(Collected data entries)
++++++++++

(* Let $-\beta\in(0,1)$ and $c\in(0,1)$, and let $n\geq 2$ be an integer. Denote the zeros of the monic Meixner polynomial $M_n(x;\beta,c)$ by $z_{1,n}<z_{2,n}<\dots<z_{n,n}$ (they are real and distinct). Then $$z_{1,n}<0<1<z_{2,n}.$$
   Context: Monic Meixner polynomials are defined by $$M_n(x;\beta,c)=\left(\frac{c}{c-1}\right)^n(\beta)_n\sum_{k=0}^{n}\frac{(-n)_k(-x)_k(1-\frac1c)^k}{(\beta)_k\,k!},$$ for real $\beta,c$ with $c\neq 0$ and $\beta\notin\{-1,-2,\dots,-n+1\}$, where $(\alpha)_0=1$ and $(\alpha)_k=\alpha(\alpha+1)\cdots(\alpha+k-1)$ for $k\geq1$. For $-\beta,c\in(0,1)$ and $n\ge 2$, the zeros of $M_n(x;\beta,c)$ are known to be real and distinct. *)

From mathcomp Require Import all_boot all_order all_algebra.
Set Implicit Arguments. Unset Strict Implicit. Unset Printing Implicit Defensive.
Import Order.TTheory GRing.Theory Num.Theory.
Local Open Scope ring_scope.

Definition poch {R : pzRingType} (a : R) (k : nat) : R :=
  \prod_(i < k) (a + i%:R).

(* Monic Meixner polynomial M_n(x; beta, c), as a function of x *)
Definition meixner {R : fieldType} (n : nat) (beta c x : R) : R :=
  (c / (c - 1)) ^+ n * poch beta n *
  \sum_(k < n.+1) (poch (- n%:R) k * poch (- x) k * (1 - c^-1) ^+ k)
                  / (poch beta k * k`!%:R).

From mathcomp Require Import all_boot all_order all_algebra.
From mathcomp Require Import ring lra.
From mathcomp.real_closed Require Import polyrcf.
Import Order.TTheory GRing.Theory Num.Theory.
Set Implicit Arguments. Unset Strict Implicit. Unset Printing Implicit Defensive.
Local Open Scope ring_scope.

++++++++++

Work instruction:
Copy out the records above exactly.

Result of the task:
(* Let $-\beta\in(0,1)$ and $c\in(0,1)$, and let $n\geq 2$ be an integer. Denote the zeros of the monic Meixner polynomial $M_n(x;\beta,c)$ by $z_{1,n}<z_{2,n}<\dots<z_{n,n}$ (they are real and distinct). Then $$z_{1,n}<0<1<z_{2,n}.$$
   Context: Monic Meixner polynomials are defined by $$M_n(x;\beta,c)=\left(\frac{c}{c-1}\right)^n(\beta)_n\sum_{k=0}^{n}\frac{(-n)_k(-x)_k(1-\frac1c)^k}{(\beta)_k\,k!},$$ for real $\beta,c$ with $c\neq 0$ and $\beta\notin\{-1,-2,\dots,-n+1\}$, where $(\alpha)_0=1$ and $(\alpha)_k=\alpha(\alpha+1)\cdots(\alpha+k-1)$ for $k\geq1$. For $-\beta,c\in(0,1)$ and $n\ge 2$, the zeros of $M_n(x;\beta,c)$ are known to be real and distinct. *)

From mathcomp Require Import all_boot all_order all_algebra.
Set Implicit Arguments. Unset Strict Implicit. Unset Printing Implicit Defensive.
Import Order.TTheory GRing.Theory Num.Theory.
Local Open Scope ring_scope.

Definition poch {R : pzRingType} (a : R) (k : nat) : R :=
  \prod_(i < k) (a + i%:R).

(* Monic Meixner polynomial M_n(x; beta, c), as a function of x *)
Definition meixner {R : fieldType} (n : nat) (beta c x : R) : R :=
  (c / (c - 1)) ^+ n * poch beta n *
  \sum_(k < n.+1) (poch (- n%:R) k * poch (- x) k * (1 - c^-1) ^+ k)
                  / (poch beta k * k`!%:R).

From mathcomp Require Import all_boot all_order all_algebra.
From mathcomp Require Import ring lra.
From mathcomp.real_closed Require Import polyrcf.
Import Order.TTheory GRing.Theory Num.Theory.
Set Implicit Arguments. Unset Strict Implicit. Unset Printing Implicit Defensive.
Local Open Scope ring_scope.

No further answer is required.